Black Light White Light share video for ‘King Kong’

Black Light White Light

Black Light White Light share video for King Kong, which is lifted from their new album ‘Horizons’ released March 23rd via Forward Backwards Recordings. Watch the clip via YouTube below.

Mining the rich territories of The Velvet Underground and the 90’s Madchester movement, and combining with the sound of classic 4AD, the Danish / Swedish troupe Black Light White Light shine a light into dark corners often left alone in contemporary psychedelic indie-rock. Based in Malmo, Sweden the musical project is centred on the Danish singer, guitarist and songwriter Martin Ejlertsen.
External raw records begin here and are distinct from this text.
Lemma hits_good n s t : 0 <= s <= T -> 0 <= t <= T -> hits n (s, t) -> good n.
Proof.
move=> /andP[s_ge0 sT] /andP[t_ge0 tT] /and3P[/= hn ha hb].
have expE : expR (- s - t) * expR s * expR t = 1.
  by rewrite -!expRD (_ : - s - t + s + t = 0) ?expR0 //; ring.
apply/andP; split.
  have n_le : n%:R <= eps * expR (s + t).
    have : n%:R * expR (- s - t) * expR (s + t) <= eps * expR (s + t) by rewrite ler_pM2r ?expR_gt0.
    by rewrite -mulrA -expRD (_ : - s - t + (s + t) = 0) ?expR0 ?mulr1 //; ring.
  apply: le_lt_trans n_le _; apply: le_lt_trans (_ : eps * expR (2 * T) < _).
    by rewrite ler_pM2l // ler_expR; lra.
  by rewrite gtr_pMl ?expR_gt0.
have -> : approx n =
    n%:R * expR (- s - t) * (expR s * dist_int (n%:R * al)) * (expR t * dist_int (n%:R * be)).
  by rewrite -[LHS]mulr1 -expE; ring.
have := dist_int_ge0 (n%:R * al); have := dist_int_ge0 (n%:R * be) => ? ?.
rewrite (_ : eps ^+ 3 = eps * eps * eps); last by ring.
apply: ler_pM; rewrite ?mulr_ge0 ?expR_ge0 //.
by apply: ler_pM; rewrite ?mulr_ge0 ?expR_ge0.
Qed.

Lemma times_in_X_eps_cover :
  times_in_X_eps = \bigcup_(n in [set` good_seq]) hit_set n.
Proof.
apply/seteqP; split => [[s t] [/= sT tT] | [s t] [n /= n_good /and3P[sT tT hit]]].
  have [[s_ge0 _] [t_ge0 _]] := (andP sT, andP tT).
  move=> /(in_X_eps_hits s_ge0 t_ge0) [n n_gt0 hit].
  exists n; last by rewrite /hit_set /= sT tT.
  by rewrite /= mem_good_seq n_gt0 (hits_good sT tT hit).
have [[s_ge0 _] [t_ge0 _]] := (andP sT, andP tT).
split => //; apply/(in_X_eps_hits s_ge0 t_ge0); exists n => //.
by move: n_good; rewrite mem_good_seq => /andP[].
Qed.

Lemma measure_times_in_X_eps_le (x : R) : 0 <= x ->
  {in good_seq, forall n, triangle_leg n <= x} ->
  ((mu \x mu) times_in_X_eps <= ((size good_seq)%:R * (x ^+ 2 / 2))%:E)%E.
Proof.
move=> x_ge0 leg_le; have fin := finite_seq good_seq.
have hit_m n : [set` good_seq] n -> measurable (hit_set n) by move=> _; exact: measurable_hit_set.
have hit_le n : n \in good_seq -> ((mu \x mu) (hit_set n) <= (x ^+ 2 / 2)%:E)%E.
  move=> n_good; have := n_good; rewrite mem_good_seq => /andP[n_gt0 _].
  apply: le_trans (measure_hit_set_le n_gt0) _.
  rewrite lee_fin ler_pM2r // lerXn2r ?nnegrE ?le_max ?lexx //.
  by rewrite ge_max x_ge0 leg_le.
rewrite times_in_X_eps_cover.
apply: le_trans (content_sub_fsum (mu \x mu)%E fin hit_m (fin_bigcup_measurable fin hit_m) _) _ => //.
rewrite -fsbig_seq ?uniq_good_seq // big_seq.
apply: le_trans (lee_sum _ hit_le) _.
by rewrite -big_seq sumEFin big_const_seq count_predT iter_addr_0 mulr_natl.
Qed.

Lemma good_natM k n : (k * n)%:R < expR (2 * T) -> k%:R ^+ 3 * approx n <= eps ^+ 3 ->
  good (k * n).
Proof.
move=> kn_lt approx_le; apply/andP; split => //; apply: le_trans approx_le.
have ha : dist_int ((k * n)%:R * al) <= k%:R * dist_int (n%:R * al).
  by rewrite natrM -mulrA dist_int_natM.
have hb : dist_int ((k * n)%:R * be) <= k%:R * dist_int (n%:R * be).
  by rewrite natrM -mulrA dist_int_natM.
apply: le_trans (_ : (k * n)%:R * (k%:R * dist_int (n%:R * al)) *
                       (k%:R * dist_int (n%:R * be)) <= _).
  by apply: ler_pM => //; rewrite ?mulr_ge0 ?dist_int_ge0 ?ler_wpM2l.
by rewrite natrM (_ : _ * _ = k%:R ^+ 3 * approx n) //; ring.
Qed.

Lemma leq_size_good_seq K n : (0 < n)%N -> K%:R * n%:R < expR (2 * T) ->
  K%:R ^+ 3 * approx n <= eps ^+ 3 -> (K <= size good_seq)%N.
Proof.
move=> n_gt0 Kn_lt approx_le.
rewrite -(size_iota 0 K) -(size_map (fun k => k.+1 * n)%N).
apply: uniq_leq_size.
  rewrite map_inj_uniq ?iota_uniq // => a b /eqP.
  by rewrite eqn_pmul2r // => /eqP [].
move=> m /mapP[k]; rewrite mem_iota add0n => k_lt ->.
have kK : k.+1%:R <= K%:R :> R by rewrite ler_nat.
rewrite mem_good_seq muln_gt0 n_gt0 /=; apply: good_natM.
  by apply: le_lt_trans Kn_lt; rewrite natrM ler_pM2r ?ltr0n.
apply: le_trans approx_le; rewrite ler_pM2r ?lerXn2r ?nnegrE //.
by rewrite !mulr_gt0 ?ltr0n ?dist_int_gt0.
Qed.

Lemma lt_triangle_leg (x : R) n : (0 < n)%N -> x < triangle_leg n ->
  approx n * expR x < eps ^+ 3 /\ n%:R * expR x < expR (2 * T) * eps.
Proof.
move=> n_gt0; have n_gt0' : (0 : R) < n%:R by rewrite ltr0n.
have da_gt0 := dist_int_gt0 al_irr n_gt0; have db_gt0 := dist_int_gt0 be_irr n_gt0.
set da := dist_int _ in da_gt0 *; set db := dist_int _ in db_gt0 *.
have : Num.min T (ln eps - ln da) <= T /\ Num.min T (ln eps - ln da) <= ln eps - ln da.
  by split; rewrite ge_min lexx ?orbT.
have : Num.min T (ln eps - ln db) <= T /\ Num.min T (ln eps - ln db) <= ln eps - ln db.
  by split; rewrite ge_min lexx ?orbT.
rewrite /triangle_leg -/da -/db => -[minb_le_T minb_le] [mina_le_T mina_le] x_lt; split.
  rewrite -[X in _ < X](lnK (x := eps ^+ 3)) ?posrE ?exprn_gt0 //.
  rewrite -[approx n](lnK (x := approx n)) ?posrE ?mulr_gt0 // -expRD ltr_expR.
  by rewrite !lnM ?posrE ?mulr_gt0 // -/da -/db; lra.
rewrite -[n%:R](lnK (x := n%:R)) ?posrE // -[eps](lnK (x := eps)) ?posrE //.
by rewrite -!expRD ltr_expR; lra.
Qed.

Lemma size_good_seq_of_long_leg n : 1 <= T -> n \in good_seq ->
  6 * ln T < triangle_leg n -> T ^+ 2 - 1 <= (size good_seq)%:R.
Proof.
move=> T_ge1 n_good long_leg; have := n_good; rewrite mem_good_seq => /andP[n_gt0 _].
have := lt_triangle_leg n_gt0 long_leg; rewrite expRM_natl lnK ?posrE; last lra.
move=> [approx_lt n_lt]; pose K := Num.truncn (T ^+ 2).
have T2_ge0 : 0 <= T ^+ 2 by rewrite exprn_ge0 //; lra.
have K_le : K%:R <= T ^+ 2 by rewrite truncn_le.
have K_gt : T ^+ 2 < K.+1%:R by exact: truncnS_gt.
have T26 : T ^+ 2 <= T ^+ 6 by exact: ler_weXn2l.
suff K_le_size : (K <= size good_seq)%N.
  by rewrite lerBlDr (le_trans (ltW K_gt)) // -natr1 lerD2r ler_nat.
have K3 : K%:R ^+ 3 <= T ^+ 6 :> R.
  by rewrite (_ : 6 = 2 * 3)%N // exprM lerXn2r ?nnegrE.
have approx_gt0 : 0 < approx n by rewrite !mulr_gt0 ?ltr0n ?dist_int_gt0.
apply: (leq_size_good_seq n_gt0).
  apply: le_lt_trans (_ : T ^+ 6 * n%:R < _); first by rewrite ler_pM2r ?ltr0n // (le_trans K_le T26).
  by rewrite mulrC; apply: lt_le_trans n_lt _; rewrite ger_pMr ?expR_gt0 // ltW.
by apply: le_trans (ltW approx_lt); rewrite mulrC ler_pM2l.
Qed.

End Counting.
The creation of the band’s forthcoming third album ‘Horizons’ began in early 2015, with Ejlertsen taking stock of their catalogue to date, and looking for a new vantage point from which to approach his music. With a desire to make a dark pop record with razor-sharp rock songs, new material slowly began to unfold in a basement studio, deep underground in Copenhagen, where the band twisted their ideas and sketches in co-operation with a new drummer, Viktor Höber, and producer/ engineer and fellow musician Christian Ki.

Citing film as a huge influence on his music – in particular the works of David Lynch and Danish film maker Nicolas Winding Refn – Ejlertsen began to experiment in coupling Lynch-ian concepts of duality, visions, and dream states, with the bloody self-destruction and gallows humour that pervades Refn’s work. With one eye on the Factory Records era, Horizons introduces undulating keyboards as a new and fundamental element of the sound, making the songs breezy yet intrusive, with harmonies and chiming delay guitars under attack with fuzz, all enveloped in dark and pervasive melancholic melodies.

Ejlertsen talks about new single King Kong: “The theme to King Kong deals with a personal craving for wild passion that hits you so hard, that your life is turned upside down. The constant striving after the ultimate state where lived life and uncontrollable emotions are lifting you up in a new state of mind – like a drug of love. Like something you strive after but really cannot explain. It is beautiful and also terrifying scary. Like a monster. It attracts and repels at one time”.

“This song was the first written for the new album. And one of the hardest songs I’ve done to record. Mainly because it really took some time to figure out the right structure and how to catch the right atmosphere. We did a lot of rebuilding, editing back and forward in the studio with this one, but in the end it turned out to be one of my absolute top tracks ever recorded. I love it.”